Снизу вверх я смотрела на папу, на сильную, загорелую его шею, хорошо видную мне, на четко вылепленный, немного бугристый лоб и щеки, чуть отливающие голубизной; папа любил тщательно, на мой взгляд, чересчур тщательно бриться.
Он глянул на меня, и глаза его стали теплыми. Положил свою большую руку на мою голову, я стояла, не шелохнувшись, боясь, чтобы он не убрал руки.
Потом вынула из кармана плюшевого медвежонка, медвежонок был всегда со мною, сунула его в карман папиной гимнастерки.
Пусть, подумала я, пусть пойдет с папой на фронт и вместе с ним вернется обратно.
Первое письмо от папы мы получили спустя примерно недели две из действующей армии.
«Надо же так, — писал папа. — Стал рыться в карманах, нащупал что-то твердое, непонятное. Оказался медвежонок. Спасибо, дочка, мне с ним веселее…»
У нас на стене висит последняя фотография моего отца.

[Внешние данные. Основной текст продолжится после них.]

Lemma prob_bigcup_sublevel_le (a : nat -> R) (c : R) : nondecreasing_seq a ->
  (forall k, cdfR P X (a k) <= c) ->
  (P (\bigcup_k [set t | (X t <= a k)%R]) <= c%:E)%E.
Proof.
move=> a_nd Fa_le; pose F k := [set t | X t <= a k].
have mF k : measurable (F k) by exact: measurable_sublevel.
have F_nd : nondecreasing_seq F.
  by move=> k l kl; apply/subsetPset => t /= /le_trans; apply; exact: a_nd.
have cvF := nondecreasing_cvg_mu (mu := P) mF (bigcupT_measurable _ mF) F_nd.
rewrite -(cvg_lim _ cvF) //.
apply: lime_le; first by apply/cvg_ex; eexists; exact: cvF.
by near=> k => /=; rewrite -cdfRE lee_fin.
Unshelve. all: by end_near.
Qed.

Lemma exists_cdfR_gt c : c < 1 -> exists a, c < cdfR P X a.
Proof.
move=> c1; apply: contrapT => /forallNP cdfR_le.
suff : (P setT <= c%:E)%E by rewrite probability_setT lee_fin leNgt c1.
have -> : setT = \bigcup_k [set t | (X t <= k%:R)%R].
  apply/seteqP; split => // t _; exists (Num.truncn (X t)).+1 => //=.
  exact/ltW/truncnS_gt.
apply: prob_bigcup_sublevel_le => [k l kl|k]; first by rewrite ler_nat.
by rewrite leNgt; apply/negP => /cdfR_le.
Qed.

(* {F(Y) <= c} lies in the preimage under X of the down-set {F <= c}, an
   increasing union of sublevel sets of X, each of probability <= c. *)
Lemma cdfR_comp_super_uniform (Y : T -> R) : measurable_fun setT Y ->
  (forall t, X t <= Y t) -> super_uniform P (cdfR P X \o Y).
Proof.
move=> mY XY c /andP[c0 _].
pose I := [set a | cdfR P X a <= c].
have Idown a b : I b -> a <= b -> I a.
  by move=> Ib ab; exact: le_trans (cdfR_nondecreasing ab) Ib.
have sub_I : [set t | (cdfR P X \o Y) t <= c] `<=` X @^-1` I.
  by move=> t /= /Idown; apply.
have [[a0 Ia0]|noI] := pselect (I !=set0); last first.
  rewrite (_ : [set t | _] = set0) ?measure0 ?lee_fin //.
  by apply/seteqP; split => // t /sub_I XtI; apply: noI; exists (X t).
have [a [a_nd Ia cofinal]] := downset_cofinal_seq (ex_intro _ a0 Ia0) Idown.
apply: le_trans (prob_bigcup_sublevel_le a_nd Ia).
apply: le_measure; rewrite ?inE.
- have mF := measurable_realfun.nondecreasing_measurable measurableT cdfR_nondecreasing.
  have mFY : measurable_fun setT (cdfR P X \o Y) by exact: measurableT_comp mF mY.
  by rewrite -[X in measurable X]setTI; exact: (mFY measurableT _ (measurable_lray c)).
- by apply: bigcupT_measurable => k; exact: measurable_sublevel.
- by move=> t /sub_I /cofinal [k Xtk]; exists k.
Qed.

End cdfR.

(** * Quantile coupling *)

Lemma uniform01E {R : realType} (A : set R) : measurable A ->
  uniform_prob (@ltr01 R) A = lebesgue_measure (A `&` `[0, 1]%classic).
Proof.
move=> mA; rewrite /uniform_prob integral_uniform_pdf.
rewrite (eq_integral (fun=> 1%:E)); last first.
  move=> x; rewrite inE /= in_itv /= => -[_ x01].
  by rewrite /uniform_pdf x01 subr0 invr1.
by rewrite integral_cst ?mul1e //; exact: measurableI.
Qed.

Lemma lebesgue_measure_itv0 {R : realType} (b1 b2 : bool) (c : R) : 0 <= c ->
  lebesgue_measure [set` Interval (BSide b1 0) (BSide b2 c)] = c%:E.
Proof.
move=> c0; rewrite lebesgue_measure_itv /= lte_fin oppr0 adde0.
by case: (ltgtP 0 c) c0 => // <-.
Qed.

(* Outside ]0, 1[ the quantile transform is the identity, so that
   u <= quantile P X u holds for every u when X is super-uniform. *)
Definition quantile {R : realType} {d} {T : measurableType d}
    (P : probability T R) (X : T -> R) (u : R) : R :=
  if 0 < u < 1 then inf [set a | u <= cdfR P X a] else u.

Section quantile.
Context {R : realType} {d} {T : measurableType d} (P : probability T R).
Variables (X : T -> R) (mX : measurable_fun setT X) (suX : super_uniform P X).

Local Notation F := (cdfR P X).

Lemma cdfR_le_id a : 0 <= a <= 1 -> F a <= a.
Proof. by move=> a01; rewrite -lee_fin cdfRE //; exact: suX. Qed.

Lemma cdfR_lt0 a : a < 0 -> F a = 0.
Proof.
move=> a0; apply/le_anti; rewrite cdfR_ge0 // andbT.
by rewrite (le_trans (cdfR_nondecreasing P mX (ltW a0))) // cdfR_le_id // lexx ler01.
Qed.

Lemma quantile_le u a : 0 < u < 1 -> (quantile P X u <= a) = (u <= F a).
Proof.
move=> /[dup] u01 /andP[u0 u1]; rewrite /quantile u01.
have lbS : lbound [set a | u <= F a] 0.
  move=> b /= uFb; rewrite leNgt; apply/negP => /cdfR_lt0 Fb0.
  by move: uFb; rewrite Fb0 leNgt u0.
apply/idP/idP => [infS_a|uFa]; last by apply: ge_inf => //; exists 0.
apply: le_trans (cdfR_nondecreasing P mX infS_a); apply: cdfR_ge_right => // k.
have [b ub] := exists_cdfR_gt P mX u1.
have Sne : [set a | u <= F a] !=set0 by exists b; exact: ltW.
have infS_lt : inf [set a | u <= F a] < inf [set a | u <= F a] + k.+1%:R^-1.
  by rewrite ltrDl invr_gt0 ltr0Sn.
have [c uFc /ltW/(cdfR_nondecreasing P mX)] := inf_lt Sne infS_lt.
exact: le_trans.
Qed.

Lemma quantile_ge u : u <= quantile P X u.
Proof.
have [u01|] := boolP (0 < u < 1); last by rewrite /quantile => /negbTE ->.
have /andP[u0 u1] := u01; rewrite leNgt; apply/negP => qu.
have := lexx (quantile P X u); rewrite quantile_le //; apply/negP; rewrite -ltNge.
have [q0|q0] := ltrP (quantile P X u) 0; first by rewrite cdfR_lt0.
by rewrite (le_lt_trans _ qu) // cdfR_le_id // q0 (le_trans (ltW qu) (ltW u1)).
Qed.

Lemma quantile_preimage a : quantile P X @^-1` [set x | x <= a] =
  (`]0, 1[%classic `&` [set x | x <= F a]) `|`
  (~` `]0, 1[%classic `&` [set x | x <= a]).
Proof.
apply/seteqP; split => x /=; rewrite in_itv /=.
  case: (boolP (0 < x < 1)) => x01 xa; first by left; rewrite -quantile_le.
  by right; rewrite /quantile (negbTE x01) in xa.
by case=> -[x01 xa]; [rewrite quantile_le|rewrite /quantile ifN //; exact/negP].
Qed.

Lemma measurable_quantile : measurable_fun setT (quantile P X).
Proof.
apply: (measurability _ measurable_lrays) => _ [_ [->|[a ->]] <-].
  by rewrite preimage_setT setTI.
have m01 : measurable (`]0, 1[%classic : set R) by exact: measurable_itv.
rewrite setTI quantile_preimage.
by apply: measurableU; apply: measurableI; try exact: measurable_lray;
  [|exact: measurableC].
Qed.

Lemma uniform01_quantile {d'} {T' : measurableType d'} (Q : probability T' R)
    (U : T' -> R) : uniform01 Q U ->
  forall a, Q [set s | quantile P X (U s) <= a] = P [set t | X t <= a].
Proof.
move=> unifU a; rewrite -(cdfRE P mX a).
have mA : measurable (quantile P X @^-1` [set x | x <= a]).
  rewrite -[X in measurable X]setTI.
  exact: measurable_quantile (measurable_lray a).
rewrite [LHS](unifU _ mA) uniform01E // quantile_preimage.
rewrite quantile_preimage in mA.
have Fa0 := cdfR_ge0 P mX a; have Fa1 := cdfR_le1 P mX a.
have m01 : measurable (`[0, 1]%classic : set R) by exact: measurable_itv.
apply/le_anti/andP; split.
- rewrite -[leRHS](lebesgue_measure_itv0 true false Fa0) -[leRHS]adde0.
  have m0F : measurable (`[0, F a]%classic : set R) by exact: measurable_itv.
  rewrite -(lebesgue_measure_set1 1).
  apply: (le_trans _ (measureU2 lebesgue_measure m0F (measurable_set1 (1 : R)))).
  apply: le_measure; rewrite ?inE //; [exact: measurableI|exact: measurableU|].
  move=> x [] /=; rewrite !in_itv /=.
  move=> [[/andP[x0 _] xF]|[x01 _]] /andP[x0' x1'].
    by left; rewrite (ltW x0).
  have [->|x_ne1] := eqVneq x 1; [by right|left].
  suff -> : x = 0 by rewrite lexx.
  apply/le_anti; rewrite x0' andbT leNgt; apply: contra_notN x01 => x_gt0.
  by rewrite x_gt0 lt_neqAle x_ne1 x1'.
- rewrite -[leLHS](lebesgue_measure_itv0 false true Fa0).
  have m0F : measurable (`]0, F a[%classic : set R) by exact: measurable_itv.
  apply: le_measure; rewrite ?inE //; first exact: measurableI.
  move=> x /=; rewrite !in_itv /= => /andP[x0 xF].
  have x1 : x < 1 by exact: lt_le_trans xF Fa1.
  by split; [left; rewrite x0 x1 (ltW xF)|rewrite !ltW].
Qed.

End quantile.

(** * Laws of random vectors *)

Lemma eq_law_lray_boxes {R : realType} {n : nat}
    {d1} {T1 : measurableType d1} {d2} {T2 : measurableType d2}
    (mu1 : {measure set T1 -> \bar R}) (mu2 : {measure set T2 -> \bar R})
    (Y1 : T1 -> n.-tuple R) (Y2 : T2 -> n.-tuple R) :
  measurable_fun setT Y1 -> measurable_fun setT Y2 -> (mu1 setT < +oo)%E ->
  (forall B, (forall i, lrays (B i)) ->
     mu1 (Y1 @^-1` box B) = mu2 (Y2 @^-1` box B)) ->
  forall A, measurable A -> mu1 (Y1 @^-1` A) = mu2 (Y2 @^-1` A).
Proof.
move=> mY1 mY2 mu1T eq_boxes.
pose law1 :=
  measure_function_pushforward__canonical__measure_function_Measure mu1 mY1.
pose law2 :=
  measure_function_pushforward__canonical__measure_function_Measure mu2 mY2.
by apply: (eq_measure_lray_boxes (m1 := law1) (m2 := law2)) => //;
  rewrite /law1 /= /pushforward preimage_setT.
Qed.

Definition cylinder {T R : Type} {n : nat} (J : {set 'I_n})
    (X : 'I_n -> T -> R) (B : 'I_n -> set R) : set T :=
  [set t | forall i, i \in J -> B i (X i t)].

За эти годы я уже немного позабыла его, не помню, какого цвета у него были глаза, какой голос, но вот гляну на фотографию, и снова вспоминается мне жаркий день июля, пожухлые от зноя листья деревьев, белесое небо над головой. Я снова вижу его лицо, немного бугристый лоб, неяркие, четко вырезанные губы, темные, в едва заметных крапинках глаза под широкими, длинными бровями…
Такие же брови у Вики, единственное ее сходство с дедом. А я больше похожа на маму.
Теперь их обоих уже нет со мной. И я старше мамы уже на целых два года. Пройдет еще немного лет, и мы сравняемся с папой. Будут идти годы, один за другим, мой папа останется таким, каким был, а я буду неминуемо, необратимо стареть.
Что ж, чему тут удивляться? Так оно и должно быть…
Второго мая мы с Русланом решили пойти погулять в парк имени Горького, благо живем рядом, на Фрунзенской набережной, парк от нас рукой подать.
К нашему удивлению, Вика тоже вызвалась пойти с нами. Так и сказала:
— Примите и меня в вашу компанию…
— Само собой, примем, — ответил Руслан. — А что, никак, надоели сверстники-ровесники, к старичкам потянуло?
— Какие вы старики, — возмутилась Вика, должно быть, ей хотелось бы, чтобы мы всегда и навеки оставались молодыми. — Просто охота сегодня побродить вместе с вами.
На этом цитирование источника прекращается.